Я понял: работы мне не кончить. Художник осаждаем по всем правилам медвежьей стратегии. Около «Фоки» копошились люди. Сначала никто не обращал внимания ни на выстрелы, ни на самого меня. Однако, когда медведь, совершая обходное движение, вышел на фон Рубини-Рока, на «Фоке» заволновались. Через полчаса подбежал Павлов. Впопыхах он захватил вместо моей — винтовку Седова, которую я ни разу не держал в руках. Медведь, завидя людей, повернул к полынье и поплыл на ледяное поле в средине ее. Мы рассмотрели в бинокль, что зверь на редкость велик.
Охота началась в шесть часов вечера.

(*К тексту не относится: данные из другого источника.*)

(* #[t] is the additive order of t; the length is written #[t].-1.+1 to fit the
   type of cycles. *)
Definition step_cycle (i t : 'I_n) : 'I_(#[t]%g).-1.+1 -> 'I_n :=
  fun l => (i + t *+ l)%R.
Arguments step_cycle : clear implicits.

Lemma step_cycle_inj i t : injective (step_cycle i t).
Proof.
move=> l1 l2 /addrI; rewrite !Zp_mulrn -!Zp_expg => /eqP.
rewrite eq_expg_mod_order.
rewrite !modn_small ?(leq_trans (ltn_ord _)) ?prednK ?order_gt0 //.
by move/eqP/val_inj.
Qed.

Lemma step_cycle_next i t l : step_cycle i t (ordS l) = (step_cycle i t l + t)%R.
Proof.
rewrite /step_cycle /= -addrA -mulrSr !Zp_mulrn -!Zp_expg.
have mod_order m : (m %% #[t]%g.-1.+1 = m %% #[t]%g)%N by rewrite prednK ?order_gt0.
by rewrite mod_order expg_mod_order.
Qed.

Lemma step_cycle_mean i t : 0 < A 0%R t -> cyc_mean A (step_cycle i t) = A 0%R t.
Proof.
move=> pos; rewrite /cyc_mean /cyc_weight (eq_bigr (fun=> A 0%R t)) => [|l _].
  by rewrite bigprod_const geom_mean_pow.
by rewrite step_cycle_next shift_invariant_step.
Qed.

Lemma order_le_card (t : 'I_n) : (#[t]%g <= n)%N.
Proof.
by apply: dvdn_leq => //; have := order_dvdG (in_setT t); rewrite cardsT card_ord.
Qed.

Lemma entry_le_lambda u v : A u v <= lambda A.
Proof.
rewrite -(subrKC u v) shift_invariant_step //.
set a := A _ _; case: (Rle_or_lt a 0) => [a_le0 | a_gt0].
  by have := lambda_ge0 A; lra.
rewrite /a -(step_cycle_mean u a_gt0).
apply: cyc_mean_le_lambda; last exact: step_cycle_inj.
by rewrite prednK ?order_gt0 ?order_le_card.
Qed.
Lemma exp_pdf_mul_leak_tail y :
  exp_pdf e2 y * leak_tail e1 Rd Rs s I y
  = exp_decay (/ e2 * exp (- (snr_threshold (Rd - Rs) / (s * e1))))
              (/ e2 + snr_threshold (Rd - Rs) * I / (s * e1)) y.
Proof.
  unfold exp_pdf, leak_tail, leak_bound, exp_decay.
  rewrite !Rmult_assoc, <- !exp_plus. do 2 f_equal. field. repeat split; intro; lra.
Qed.

Lemma ProbAF_ge_leak p : ProbAF e1 e2 Rd Rs s I p ->
  / e2 * exp (- (snr_threshold (Rd - Rs) / (s * e1)))
    / (/ e2 + snr_threshold (Rd - Rs) * I / (s * e1)) <= p.
Proof.
  intros HP. pose proof (snr_threshold_pos (Rd - Rs) ltac:(lra)).
  apply (ProbAF_ge (exp_decay (/ e2 * exp (- (snr_threshold (Rd - Rs) / (s * e1))))
                              (/ e2 + snr_threshold (Rd - Rs) * I / (s * e1)))); auto.
  - apply int_0_inf_exp_decay.
    pose proof (Rinv_0_lt_compat e2 He2).
    assert (0 <= snr_threshold (Rd - Rs) * I / (s * e1)) by (apply Rdiv_le_0_compat; nra).
    lra.
  - intros y Hy. rewrite <- exp_pdf_mul_leak_tail.
    apply Rmult_le_compat_l; [left; apply exp_pdf_pos; auto|].
    apply (inner_prob_bounds e1 Rd Rs s I He1 HRs HRd Hs HI y ltac:(lra)).
Qed.

Lemma outage_tail_le y :
  outage_tail e1 Rd s I y <= exp (- (snr_threshold Rd * I / (s * s)) / e1).
Proof.
  pose proof (snr_threshold_pos Rd ltac:(lra)) as Hc.
  unfold outage_tail. destruct (Rlt_dec 0 (outage_slope Rd s y)) as [Hal|]; [|left; apply exp_pos].
  pose proof (outage_slope_pos_y Rd Rs s HRs HRd Hs y ltac:(lra)) as Hy.
  apply exp_neg_div_le; auto.
  unfold outage_bound. apply (proj1 (Rle_div_r _ _ _ Hal)).
  replace (snr_threshold Rd * I / (s * s) * outage_slope Rd s y)
    with (snr_threshold Rd * I * y - snr_threshold Rd * snr_threshold Rd * I / s)
    by (unfold outage_slope; field; intro; lra).
  assert (0 <= snr_threshold Rd * snr_threshold Rd * I / s) by (apply Rdiv_le_0_compat; nra).
  assert (0 < snr_threshold Rd * (s * y + 1)) by (apply Rmult_lt_0_compat; nra).
  unfold outage_level. lra.
Qed.

Lemma ProbAF_ge_outage p : ProbAF e1 e2 Rd Rs s I p ->
  1 - exp (- (snr_threshold Rd * I / (s * s)) / e1) <= p.
Proof.
  intros HP. set (c0 := 1 - exp (- (snr_threshold Rd * I / (s * s)) / e1)).
  replace c0 with (/ e2 * c0 / / e2) by (field; intro; lra).
  apply (ProbAF_ge (exp_decay (/ e2 * c0) (/ e2))); auto.
  - apply int_0_inf_exp_decay, Rinv_0_lt_compat; auto.
  - intros y Hy.
    replace (exp_decay (/ e2 * c0) (/ e2) y) with (exp_pdf e2 y * c0)
      by (rewrite exp_pdf_decay by auto; unfold exp_decay; ring).
    apply Rmult_le_compat_l; [left; apply exp_pdf_pos; auto|].
    pose proof (outage_tail_le y). pose proof (inner_prob_bounds e1 Rd Rs s I He1 HRs HRd Hs HI y ltac:(lra)). unfold c0. lra.
Qed.

(* Beyond [g2 = 2 c / s] the slope is at least [s^2 g2 / 2], which bounds the outage
   bound; below it [exp (1 - g2 s / (2 c)) >= 1] takes over. *)
Lemma one_sub_outage_tail_le y : 0 < y ->
  1 - outage_tail e1 Rd s I y
  <= (2 * snr_threshold Rd * (s + I) / (s * s) + / s) / e1
     + exp (1 - y * s / (2 * snr_threshold Rd)).
Proof.
  intros Hy. set (c := snr_threshold Rd).
  assert (Hc : 0 < c) by (apply snr_threshold_pos; lra).
  assert (HK : 0 <= (2 * c * (s + I) / (s * s) + / s) / e1).
  { apply Rdiv_le_0_compat; auto.
    assert (0 <= 2 * c * (s + I) / (s * s)) by (apply Rdiv_le_0_compat; nra).
    pose proof (Rinv_0_lt_compat s Hs). lra. }
  pose proof (outage_tail_range e1 Rd Rs s I He1 HRs HRd Hs HI y).
  destruct (Rlt_dec (y * s) (2 * c)) as [Hys|Hys].
  - assert (1 <= exp (1 - y * s / (2 * c))); [|lra].
    apply Rle_trans with (exp 0); [rewrite exp_0; lra | apply exp_le_compat].
    assert (y * s / (2 * c) <= 1) by (apply Rle_div_l; lra). lra.
  - assert (Hslope : s * s * y / 2 <= outage_slope Rd s y) by (unfold outage_slope; fold c; nra).
    unfold outage_tail. destruct (Rlt_dec 0 (outage_slope Rd s y)) as [Hal|]; [|nra].
    pose proof (exp_pos (1 - y * s / (2 * c))).
    pose proof (exp_ineq1_le (- outage_bound Rd s I y / e1)).
    assert (outage_bound Rd s I y <= 2 * c * (s + I) / (s * s) + / s); [|
      assert (outage_bound Rd s I y / e1 <= (2 * c * (s + I) / (s * s) + / s) / e1)
        by (apply Rmult_le_compat_r; [left; apply Rinv_0_lt_compat |]; lra);
      unfold Rdiv in *; lra].
    pose proof (outage_level_pos Rd Rs s I HRs HRd Hs HI y ltac:(lra)) as Hlev.
    apply Rle_trans with (outage_level Rd s I y / (s * s * y / 2)).
    + unfold outage_bound, Rdiv. apply Rmult_le_compat_l; [lra|].
      apply Rinv_le_contravar; [nra | auto].
    + replace (outage_level Rd s I y / (s * s * y / 2))
        with (2 * c * (s + I) / (s * s) + 2 * c / (s * s * y))
        by (unfold outage_level; fold c; field; repeat split; intro; lra).
      apply Rplus_le_compat_l. apply Rle_div_l; [nra|].
      replace (/ s * (s * s * y)) with (s * y) by (field; intro; lra). lra.
Qed.

Lemma ProbAF_le_sum p : ProbAF e1 e2 Rd Rs s I p ->
  p <= (2 * snr_threshold Rd * (s + I) / (s * s) + / s) / e1
       + / e2 * exp 1 / (/ e2 + s / (2 * snr_threshold Rd))
       + / e2 * exp (- (snr_threshold (Rd - Rs) / (s * e1)))
         / (/ e2 + snr_threshold (Rd - Rs) * I / (s * e1)).
Proof.
  intros HP. set (c := snr_threshold Rd). set (c' := snr_threshold (Rd - Rs)).
  assert (Hc : 0 < c) by (apply snr_threshold_pos; lra).
  assert (Hc' : 0 < c') by (apply snr_threshold_pos; lra).
  set (K := (2 * c * (s + I) / (s * s) + / s) / e1).
  pose proof (Rinv_0_lt_compat e2 He2).
  replace K with (/ e2 * K / / e2) by (field; intro; lra).
  apply (ProbAF_le (fun y => exp_decay (/ e2 * K) (/ e2) y
                             + exp_decay (/ e2 * exp 1) (/ e2 + s / (2 * c)) y
                             + exp_decay (/ e2 * exp (- (c' / (s * e1)))) (/ e2 + c' * I / (s * e1)) y));
    auto.
  - apply int_0_inf_plus; [apply int_0_inf_plus|]; apply int_0_inf_exp_decay; auto.
    + assert (0 < s / (2 * c)) by (apply Rdiv_lt_0_compat; lra). lra.
    + assert (0 <= c' * I / (s * e1)) by (apply Rdiv_le_0_compat; nra). lra.
  - intros y Hy. unfold c'. rewrite <- exp_pdf_mul_leak_tail.
    replace (exp_decay (/ e2 * K) (/ e2) y) with (exp_pdf e2 y * K)
      by (rewrite exp_pdf_decay by auto; unfold exp_decay; ring).
    replace (exp_decay (/ e2 * exp 1) (/ e2 + s / (2 * c)) y)
      with (exp_pdf e2 y * exp (1 - y * s / (2 * c))).
    2:{ rewrite exp_pdf_decay by auto. unfold exp_decay.
        rewrite !Rmult_assoc, <- !exp_plus. do 2 f_equal. field. repeat split; intro; lra. }
    rewrite <- !Rmult_plus_distr_l.
    apply Rmult_le_compat_l; [left; apply exp_pdf_pos; auto|].
    pose proof (inner_prob_bounds e1 Rd Rs s I He1 HRs HRd Hs HI y ltac:(lra)). pose proof (one_sub_outage_tail_le y Hy).
    unfold K, c in *. lra.
Qed.

End OuterBounds.

Definition leak_const (e1 e2 Rd Rs : R) : R :=
  / e2 * exp (- (snr_threshold (Rd - Rs) / e1)) / (/ e2 + snr_threshold (Rd - Rs) / e1).
Definition outage_const (e1 Rd : R) : R :=
  snr_threshold Rd / e1 * exp (- (snr_threshold Rd / e1)).
Definition upper_const (e1 e2 Rd Rs : R) : R :=
  (2 * snr_threshold Rd + 1) / e1 + 2 * snr_threshold Rd * exp 1 / e2
  + e1 / (e2 * snr_threshold (Rd - Rs)).

Lemma Rdiv_le_drop_l u u' v w : 0 <= u' <= u -> 0 < v -> 0 <= w -> u' / (w + v) <= u / v.
Proof.
  intros Hu Hv Hw. unfold Rdiv. apply Rmult_le_compat; try lra.
  - left. apply Rinv_0_lt_compat. lra.
  - apply Rinv_le_contravar; lra.
Qed.

Section HighSNRBounds.

Variables e1 e2 Rd Rs : R.
Hypotheses (He1 : 0 < e1) (He2 : 0 < e2) (HRs : 0 <= Rs) (HRd : Rs < Rd).
(* Write [cup := d ∘ e†] for the unit of the self-duality X* = X.  Cocommutativity
   makes the cup symmetric, and self-adjointness says that the comultiplication is
   the cup followed by the multiplication [d†]; dually, [d†] is the cap [cup†] after
   [1 ⊗ d].  Substituting the latter into [d ∘ d†] and using coassociativity turns
   it into the right-hand side of the Frobenius law.  Inserting a symmetry in the
   self-adjointness equation and using the same formula for [d†] gives the
   partial-transpose invariance.  Finally, [d_*] is computed with the canonical cup
   of X ⊗ X; sliding [d†] through that cup (by the partial-transpose invariance)
   leaves a zigzag [(d ⊗ 1) ∘ cup] capped by [cup†], which the snake equation
   straightens to [d]. *)

From Stdlib Require Import ProofIrrelevance.
From Corelib Require Import ssreflect.

Section Coherence.
Context {C : DagSMCData} (HC : isDagSMC C).
Local Notation compA := (comp_assoc HC).
Local Notation comp1f := (comp_idl HC).
Local Notation compf1 := (comp_idr HC).

(* Composites are kept left-nested; these lemmas rewrite a factor of such a chain. *)
Lemma chain_rewrite2 {A B C0 D : obj C} {h : hom C0 D} {g : hom B C0} {f : hom A B} {k} :
  g ∘ f = k -> h ∘ g ∘ f = h ∘ k.
Proof. by move=> E; rewrite -compA E. Qed.

Lemma chain_rewrite3 {A B C0 D E : obj C}
    {h : hom D E} {g3 : hom C0 D} {g : hom B C0} {f : hom A B} {k} :
  g3 ∘ g ∘ f = k -> h ∘ g3 ∘ g ∘ f = h ∘ k.
Proof. by move=> E'; rewrite -!compA -E' !compA. Qed.

Lemma chain_rewrite4 {A B C0 D E F : obj C}
    {h : hom E F} {g4 : hom D E} {g3 : hom C0 D} {g : hom B C0} {f : hom A B} {k} :
  g4 ∘ g3 ∘ g ∘ f = k -> h ∘ g4 ∘ g3 ∘ g ∘ f = h ∘ k.
Proof. by move=> E'; rewrite -!compA -E' !compA. Qed.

Только во втором часу, когда я был мокр с ног до головы, а Павлова и до крайности продрогшего Пустотного сменил Инютин, собаки загнали медведя на вершину стометрового откоса на острове Скотт-Кельти. Под конец охота приобрела опасный характер. Матерый, хладнокровно разгонявший собак, зверь залег под лавиной вверху откоса и лениво шипел. Взобраться на крутой откос, не имея хороших когтей, — сложное дело. Около часа мы рыли ступеньку за ступенькой в оледенелом снегу. Прочно утвердившись шагах в тридцати от медведя, я выстрелил в голову. Потом оказалось: пуля, пробив скулу, не задела мозга. После выстрела подумалось: «с чужим ружьем плохая охота!» Положение было таково: на крутом и скользком склоне два охотника с одним ружьем, над головой у них легко раненный медведь приготовился к прыжку. В обойме ружья последний патрон, а — хуже всего — выстрелянная гильза застряла. Выручили собаки. Разбойник тотчас после выстрела вцепился в шею. Медведь отряхнулся. Разбойник полетел вниз кувырком, но прыжок был задержан. Мы поняли: останься мы тут же, медведь неминуемо сбросит нас вниз, даже в случае, если следующий выстрел будет смертельным. Отошли в сторону на несколько метров и встали за низкой скалой, высунувшейся из снега. Оттуда я послал последнюю пулю. Попал удачно — в ухо. Зверь стремительно полетел вниз, ударился с размаху о скалу, за которой мы прятались, взметнул тучу снега и, крутясь, как ком снега, рухнул дальше без задержки. Мы спустились. Медведь был жив; бессознательными движениями он задевал собак. Охоту пришлось окончить при помощи ножа.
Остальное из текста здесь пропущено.